Further, the reinforced concrete member 214 may be formed of only concrete without inserting a reinforcing bar.

(C)
In the above embodiment, the second pressure receiving member 22 is formed in a cross shape in plan view, but the present invention is not limited to this. For example, the first stacked portion 221 and the second stacked portion 222 of the second pressure receiving member 22 are rectangular, and the top plate 215, the first stacked portion 221, the second stacked portion 222, and the pressure receiving head 223 are viewed from above. You may form so that an external shape may become small gradually.

  The pressure receiving structure of the present invention has an effect capable of easily performing an inspection, and can be widely applied to, for example, a ground anchor used for cutting slope stabilization.

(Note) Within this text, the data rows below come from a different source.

(* (s0,s1,s2) (lifted to R^3) lies in V = (S^1)^3 minus the diagonal. *)
Definition in_V (s0 s1 s2 : R) : Prop :=
  ~ (exists k1 k2 : Z, s1 = s0 + IZR k1 /\ s2 = s0 + IZR k2).

(* The representative (c(s1)-c(s0), c(s2)-c(s0)) in C^2 = R^4,
   coordinates k = 0,1,2,3. *)
Definition Gc (x y : R -> R) (s0 s1 s2 : R) (k : nat) : R :=
  match k with
  | 0%nat => x s1 - x s0
  | 1%nat => y s1 - y s0
  | 2%nat => x s2 - x s0
  | _ => y s2 - y s0
  end.

Definition Gnorm (x y : R -> R) (s0 s1 s2 : R) : R :=
  sqrt (Gc x y s0 s1 s2 0 ^ 2 + Gc x y s0 s1 s2 1 ^ 2
        + Gc x y s0 s1 s2 2 ^ 2 + Gc x y s0 s1 s2 3 ^ 2).

(* Tri = (C^2 \ 0)/R_{>0} is identified with the unit sphere S^3 in R^4
   via [w] |-> w/|w|.  F in this model: *)
Definition Fsph (x y : R -> R) (s0 s1 s2 : R) (k : nat) : R :=
  Gc x y s0 s1 s2 k / Gnorm x y s0 s1 s2.

Definition is_partials (x y : R -> R) (s0 s1 s2 : R) (D : nat -> nat -> R)
  : Prop :=
  forall k, (k < 4)%nat ->
    derivable_pt_lim (fun t => Fsph x y t s1 s2 k) s0 (D 0%nat k) /\
    derivable_pt_lim (fun t => Fsph x y s0 t s2 k) s1 (D 1%nat k) /\
    derivable_pt_lim (fun t => Fsph x y s0 s1 t k) s2 (D 2%nat k).

(* Critical point: the tangent map dF : R^3 -> T_{F(s)} S^3 = F(s)^perp,
   (a0,a1,a2) |-> sum_i a_i D i, is not surjective. *)
Definition critical (x y : R -> R) (s0 s1 s2 : R) (D : nat -> nat -> R)
  : Prop :=
  exists v : nat -> R,
    v 0%nat * Fsph x y s0 s1 s2 0 + v 1%nat * Fsph x y s0 s1 s2 1
    + v 2%nat * Fsph x y s0 s1 s2 2 + v 3%nat * Fsph x y s0 s1 s2 3 = 0 /\
    forall a0 a1 a2 : R,
      ~ (forall k, (k < 4)%nat ->
           a0 * D 0%nat k + a1 * D 1%nat k + a2 * D 2%nat k = v k).

Definition tangents_parallel (dx dy : R -> R) (s0 s1 s2 : R) : Prop :=
  dx s0 * dy s1 - dy s0 * dx s1 = 0 /\
  dx s0 * dy s2 - dy s0 * dx s2 = 0 /\
  dx s1 * dy s2 - dy s1 * dx s2 = 0.

Definition tangents_concurrent (x y dx dy : R -> R) (s0 s1 s2 : R) : Prop :=
  exists px py t0 t1 t2 : R,
    px = x s0 + t0 * dx s0 /\ py = y s0 + t0 * dy s0 /\
    px = x s1 + t1 * dx s1 /\ py = y s1 + t1 * dy s1 /\
    px = x s2 + t2 * dx s2 /\ py = y s2 + t2 * dy s2.
(* If $G$ is a connected graph with girth at least $5$ and maximum degree $\Delta$, then $\chi_{D\ell}(G)\le\Delta+2$; that is, for every assignment of lists $L(v)$ of colors with $|L(v)|\ge\Delta+2$ for all $v\in V(G)$, there is a proper distinguishing coloring $\varphi$ of $G$ with $\varphi(v)\in L(v)$ for all $v$.
   Context: A coloring $\varphi$ of $G$ is proper if adjacent vertices get different colors, and distinguishing if the only automorphism $f$ of $G$ with $\varphi(f(v))=\varphi(v)$ for all $v$ is the identity. The distinguishing list chromatic number $\chi_{D\ell}(G)$ is the smallest $k$ such that for every list assignment $L$ with $|L(v)|\ge k$ for all $v$, there exists a proper distinguishing coloring $\varphi$ with $\varphi(v)\in L(v)$ for all $v$. *)

From mathcomp Require Import all_boot all_fingroup.
Set Implicit Arguments. Unset Strict Implicit. Unset Printing Implicit Defensive.

Definition simple_graph (T : finType) (e : rel T) : Prop :=
  symmetric e /\ irreflexive e.

Definition connected_graph (T : finType) (e : rel T) : Prop :=
  forall x y : T, connect e x y.

Definition is_graph_cycle (T : finType) (e : rel T) (s : seq T) : bool :=
  [&& uniq s, 3 <= size s & path.cycle e s].

Definition girth_at_least (T : finType) (e : rel T) (k : nat) : Prop :=
  forall s : seq T, is_graph_cycle e s -> k <= size s.

Definition degree (T : finType) (e : rel T) (v : T) : nat := #|[set u | e v u]|.

Definition max_degree (T : finType) (e : rel T) : nat :=
  \max_(v : T) degree e v.

Definition proper_coloring (T : finType) (C : Type) (e : rel T) (phi : T -> C) : Prop :=
  forall x y : T, e x y -> phi x <> phi y.

Definition graph_automorphism (T : finType) (e : rel T) (f : {perm T}) : Prop :=
  forall x y : T, e (f x) (f y) = e x y.

Definition distinguishing (T : finType) (C : Type) (e : rel T) (phi : T -> C) : Prop :=
  forall f : {perm T}, graph_automorphism e f ->
    (forall v : T, phi (f v) = phi v) -> f = 1%g.

From mathcomp Require Import all_boot all_fingroup.
Set Implicit Arguments. Unset Strict Implicit. Unset Printing Implicit Defensive.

1: Pressure receiving structure 2: Pressure receiving plate (an example of main body)
2a: Through hole 3: Anchor 4: Pressure bearing plate (an example of a pressure receiving portion)
4a: Through hole 4s: Upper surface 5: X-ray stress measuring device 10: Slope 11: Slip line 12: Rock 13: Mining hole 14: Grout material 21: First pressure member 22: Second pressure member 22a: Through hole 31 : Anchor member 32: Nut member 32e: Peripheral end 41: Analysis part 42: Cover member 211: Bottom plate 211a: Through hole 212: Frame body 213: Reinforcement member 213a: Through hole 213b: Bar member 213c: Bar member 214: Reinforced concrete member 215: Top plate 215a: Through hole 221: First laminated portion 222: Second laminated portion 223: Pressure receiving head

Claims (4)

A pressure receiving structure installed on a slope,
A main body disposed on the slope side;
An anchor arranged to penetrate through the inside of the main body,
A pressure receiving portion arranged on the upper side of the main body portion and receiving pressure from the anchor,
The pressure receiving portion is formed of a metal material having a yield stress of 100 MPa or more,
The pressure-receiving unit has an analysis unit that has a surface roughness of Ra100 or less and enables X-ray analysis at least in part.
Pressure receiving structure. The pressure receiving portion has an average crystal grain size of 1 to 30 μm.
The pressure receiving structure according to claim 1. The analysis unit is disposed within a radius of 100 mm from the outermost contact position between the anchor and the pressure receiving unit.
The pressure receiving structure according to claim 1 or 2. A coating member that covers the surface of the analysis unit;
The pressure receiving structure according to any one of claims 1 to 3.